Netanyahu si muove con grande disinvoltura sull'altrettanto complicato scacchiere della politica statunitense. Aveva il sostegno illimitato dell'ex presidente Donald Trump e la stragrande maggioranza, per non dire altro, dei repubblicani. Ma in nome della difesa dello Stato di Israele, ha anche il sostegno dei Democratici e del presidente Joe Biden, che dipende dalla concessione di questo sostegno per bilanciare la sua posizione nella politica interna degli Stati Uniti e la sua posizione di leadership con gli alleati nel consiglio di amministrazione. , senza il quale la sua leadership all'interno dello stesso establishment del Partito Democratico sarebbe indebolita. Netanyahu lo sa, e ci sa giocare, il che controbilancia la sua posizione di dipendenza dagli Stati Uniti sul piano militare, attraverso la vendita e l'acquisto di armi da parte di questi ultimi da parte di Israele, oltre alla dipendenza politica.

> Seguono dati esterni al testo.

Theorem lemma5p3 (R : realType) (n d : nat) (alpha alo ahi T0 : R)
  (A : R -> 'M[R]_(n.+1 * d)) (Res : R -> R -> 'M[R]_(n.+1 * d)) :
  (0 < d)%N ->
  0 < alpha -> alpha < 2 ->
  (* [H-3] *)
  0 < alo ->
  (forall k l, measurable_fun [set: R] (fun r => A r k l)) ->
  (forall r (i j : 'I_n.+1), (j.+1 < i)%N -> blk (A r) i j = 0) ->
  (forall r (i : 'I_n) (xi : 'cV[R]_d),
     alo * vnorm xi ^+ 2 <= (xi^T *m blk (A r) (lift ord0 i) (widen_ord (leqnSn n) i) *m xi) 0 0
     /\ (xi^T *m blk (A r) (lift ord0 i) (widen_ord (leqnSn n) i) *m xi) 0 0 <= ahi * vnorm xi ^+ 2) ->
  (forall r (i j : 'I_n.+1) (xi : 'cV[R]_d), vnorm (blk (A r) i j *m xi) <= ahi * vnorm xi) ->
  (* resolvent: d/ds R_{s,t} = A_s R_{s,t}, R_{t,t} = I (integral form) *)
  (forall t k l, {within `[t, +oo[, continuous (fun s => Res s t k l)}) ->
  (forall t s, t <= s -> forall k l,
     Res s t k l = (k == l)%:R
       + \int[lebesgue_measure]_(r in `[t, s]) ((A r *m Res r t) k l)) ->
  (* resolvent structure lemma, with T0 and \bar R^i *)
  0 < T0 -> T0 <= 1 ->
  (exists (Rb : 'I_n.+1 -> R -> R -> 'M[R]_d) (c K : R),
     0 < c /\ 0 < K /\
     (forall t s, 0 <= t -> t <= s -> s <= t + T0 -> forall i : 'I_n.+1,
        cblk (firstcols (Res s t)) i = ((s - t) ^+ i / (i`!)%:R) *: Rb i s t) /\
     (forall (i : 'I_n.+1) a b,
        {within [set st : R * R | 0 <= st.2 /\ st.2 <= st.1 /\ st.1 <= st.2 + T0],
          continuous (fun st : R * R => Rb i st.1 st.2 a b)}) /\
     (forall t s, 0 <= t -> t <= s -> s <= t + T0 -> forall (i : 'I_n.+1) (xi : 'cV[R]_d),
        c * vnorm xi <= vnorm (Rb i s t *m xi) /\ vnorm (Rb i s t *m xi) <= K * vnorm xi)) ->
  exists C : R, 0 < C /\
    forall t s, 0 <= t -> t < s -> s <= t + T0 -> forall p : 'cV[R]_(n.+1 * d),
      \int[lebesgue_measure]_(v in `[0, 1])
          (vnorm ((Rbarv Res t s v)^T *m (Mmat n d (s - t) *m p))) `^ alpha
      >= C * (vnorm (Mmat n d (s - t) *m p)) `^ alpha.
Proof.
move=> _ alpha_gt0 _ _ _ _ _ _ _ _ _ _ [Rb [c [K [c_gt0 [K_gt0 [Res_blocks [_ Rb_bounds]]]]]]].
have c1_gt0 : 0 < c / n`!%:R by rewrite divr_gt0 ?ltr0n ?fact_gt0.
have [dl [ep [dl_gt0 _ ep_gt0 dom]]] := exists_monomial_dominance c1_gt0 K_gt0 n.
exists (dl * ep `^ alpha); split; first by rewrite mulr_gt0 ?powR_gt0.
move=> t s t_ge0 lt_ts le_sT p; set q := Mmat n d (s - t) *m p.
have [j [a [a_ge0 adl_le dom_j]]] := dom _ (fun i => vnorm_ge0 (vblk q i)).
have powR_le x y : 0 <= x -> x <= y -> x `^ alpha <= y `^ alpha.
  by move=> x_ge0 le_xy; rewrite ge0_ler_powR ?nnegrE ?(ltW alpha_gt0) ?(le_trans x_ge0).
rewrite -mulrA -powRM ?vnorm_ge0 ?(ltW ep_gt0) // mulrC.
apply: (Rintegral_ge_subitv (M := (K * \sum_i vnorm (vblk q i)) `^ alpha) a_ge0 dl_gt0 adl_le).
- exact: powR_ge0.
- move=> v v01; rewrite powR_ge0 powR_le ?vnorm_ge0 //.
  exact: (vnorm_Rbarv_le K_gt0 Res_blocks Rb_bounds p t_ge0 lt_ts le_sT).
- move=> v /andP[a_le_v v_le]; apply: powR_le; first by rewrite mulr_ge0 ?vnorm_ge0 ?ltW.
  have v01 : 0 <= v <= 1 by apply/andP; split; lra.
  apply: le_trans (dominance_le_vnorm_Rbarv c_gt0 K_gt0 Res_blocks Rb_bounds p
    t_ge0 lt_ts le_sT j v01).
  apply: le_trans (dom_j v _); last by rewrite a_le_v.
  by rewrite ler_wpM2l ?(ltW ep_gt0) ?vnorm_le_sum_vblk.
Qed.
(* The automorphism sigma of A is multiplicative, so its
   eigenvectors are closed under products: if sigma(f) = mu f and
   sigma(g) = nu g then sigma(fg) = mu nu fg.  Each b_gamma is an eigenvector
   with eigenvalue omega^{-gamma}, hence c_i = b_0 b_i + b_i b_0 has
   eigenvalue omega^{-i} and c_i^N has eigenvalue omega^{-iN}.  Since
   gcd(i,n) divides j (both hypotheses of the theorem give this), Bezout
   provides N with iN = j mod n; then c_i^N lies in R_j itself, hence in the
   right ideal R_j A as c_i^N * 1.
   The file first works out how sigma acts on ordered monomials (a rotation
   of exponent vectors twisted by a sign) and derives that sigma is
   multiplicative; then it develops eigenvectors of sigma, finite support,
   the unit law, and the arithmetic of primitive roots; the theorem is last. *)

Definition rot_mon n (x : mon n) : mon n := [ffun k => x (ordS k)].

Definition sigma_exp n (x : mon n) : nat :=
  ((\sum_(k < n | val k == 0%N) x k) * (\sum_(k < n | val k != 0%N) x k))%N.

Definition inv_count n (a b : mon n) : nat :=
  (\sum_(i < n) \sum_(k < n | (k < i)%N) a i * b k)%N.

Lemma sigmaE (K : fieldType) n (f : elt K n) c :
  sigma f c = (-1) ^+ sigma_exp c * f (rot_mon c).
Proof. by []. Qed.

Lemma sum_rot_mon n (c : mon n) :
  (\sum_(i < n) rot_mon c i = \sum_(i < n) c i)%N.
Proof.
rewrite [RHS](reindex_inj (@ordS_inj n)) /=.
by apply: eq_bigr => i _; rewrite ffunE.
Qed.

Section SignCocycle.
Variable m : nat.

Definition inv_count_tail (a b : mon m.+1) : nat :=
  (\sum_(i < m) \sum_(k < m | (k < i)%N) a (lift ord0 i) * b (lift ord0 k))%N.

Lemma ordS_max : ordS (@ord_max m) = ord0.
Proof. by apply: val_inj => /=; rewrite modnn. Qed.
Lemma perm_pick_last (x : list ltype) : Permutation x (x ++ []).
Proof. rewrite app_nil_r. reflexivity. Qed.

Lemma perm_pick_there (a r x r' : list ltype) :
  Permutation r (x ++ r') -> Permutation (a ++ r) (x ++ a ++ r').
Proof. intro H. rewrite H, !app_assoc. apply Permutation_app_tail, Permutation_app_comm. Qed.

Lemma perm_cancel_step (x r R R' : list ltype) :
  Permutation R (x ++ R') -> Permutation r R' -> Permutation (x ++ r) R.
Proof. intros H1 H2. rewrite H1, H2. reflexivity. Qed.

Lemma perm_cancel_last (x R : list ltype) : Permutation R (x ++ []) -> Permutation x R.
Proof. rewrite app_nil_r. intro H. symmetry. exact H. Qed.

(* Both sides are right-associated; each block of the left side is then
   located in the right side and cancelled. *)
Ltac perm_pick :=
  first [ apply perm_pick_here | apply perm_pick_last | apply perm_pick_there; perm_pick ].
Ltac perm_solve :=
  repeat rewrite <- app_assoc; rewrite ?app_nil_r, ?app_nil_l;
  first [ reflexivity
        | eapply perm_cancel_step; [perm_pick | perm_solve]
        | apply perm_cancel_last; perm_pick ].
Ltac mty_perm := apply Permutation_mty_eqv; perm_solve.

Definition ctx_eqv (G G' : ctx) : Prop := forall y, mty_eqv (G y) (G' y).

(* the context of [lift k c t] when [t] is typed in [G] *)
Definition ctx_shift (k c : nat) (G : ctx) : ctx :=
  fun y => if y <? c then G y else if y <? c + k then [] else G (y - k).

(* the context of a frame typed in [G1] whose hole, under [d] binders,
   holds a term typed in [G2] *)
Definition ctx_plug (d : nat) (G1 G2 : ctx) : ctx := fun y => G1 y ++ G2 (y + d).

#[export] Instance ctx_eqv_Equivalence : Equivalence ctx_eqv.
Proof.
  split.
  - intros G y. reflexivity.
  - intros G G' H y. symmetry. apply H.
  - intros G1 G2 G3 H1 H2 y. rewrite (H1 y). apply H2.
Qed.

#[export] Instance ctx_union_eqv : Proper (ctx_eqv ==> ctx_eqv ==> ctx_eqv) ctx_union.
Proof. intros A A' HA B B' HB y. unfold ctx_union. rewrite (HA y), (HB y). reflexivity. Qed.

#[export] Instance ctx_tail_eqv : Proper (ctx_eqv ==> ctx_eqv) ctx_tail.
Proof. intros G G' H y. apply H. Qed.

#[export] Instance ctx_shift_eqv k c : Proper (ctx_eqv ==> ctx_eqv) (ctx_shift k c).
Proof.
  intros G G' H y. unfold ctx_shift.
  destruct (y <? c); [|destruct (y <? c + k)]; auto. reflexivity.
Qed.

#[export] Instance ctx_plug_eqv d : Proper (ctx_eqv ==> ctx_eqv ==> ctx_eqv) (ctx_plug d).
Proof. intros A A' HA B B' HB y. unfold ctx_plug. rewrite (HA y), (HB (y + d)). reflexivity. Qed.

Lemma ctx_eqv_of_eq G G' : (forall y, G y = G' y) -> ctx_eqv G G'.
Proof. intros H y. rewrite H. reflexivity. Qed.

Lemma ctx_eqv_empty G : ctx_eqv G ctx_empty -> forall y, G y = [].
Proof. intros H y. apply mty_eqv_nil_r, H. Qed.

Ltac nat_cases :=
  repeat match goal with
  | |- context [?a <? ?b] => destruct (Nat.ltb_spec a b)
  | |- context [?a =? ?b] => destruct (Nat.eqb_spec a b)
  | |- context [?a <=? ?b] => destruct (Nat.leb_spec a b)
  end; try lia; try reflexivity; try (repeat f_equal; lia).

Ltac ctx_pointwise :=
  apply ctx_eqv_of_eq; let y := fresh "y" in intro y;
  unfold ctx_plug, ctx_shift, ctx_single, ctx_union, ctx_tail, ctx_empty;
  cbn [depthW depthS] in *;
  rewrite ?app_nil_l, ?app_nil_r; nat_cases.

C'è una sinistra israeliana e movimenti pacifisti impegnati in una soluzione a due stati, israeliano e palestinese, per ridefinire un equilibrio non belligerante nella regione. Hanno persino un partito – considerato di centrosinistra, il Meretz, con 6 seggi nell'attuale parlamento, affiliato all'Internazionale Socialista e al Movimento di Alleanza Progressista, fondato a Lipsia, in Germania, nel 2013. al governo di Israele si allarga alla critica generalizzata contro il Paese nel suo insieme e tutti i suoi cittadini, e può sfociare immediatamente in forme di antisemitismo dirette contro il popolo ebraico. Non smettono di avere ragione. Tuttavia, bisogna riconoscere che questo stigma negativo tende a rimanere rafforzato fintanto che Israele continua ad essere guidato da politici come Netanyahu, il signore di tutte le guerre.
Flavio Aguiar, giornalista e scrittore, è professore in pensione di letteratura brasiliana all'USP. Autore, tra gli altri libri, di Cronache del mondo sottosopra (Boitempo).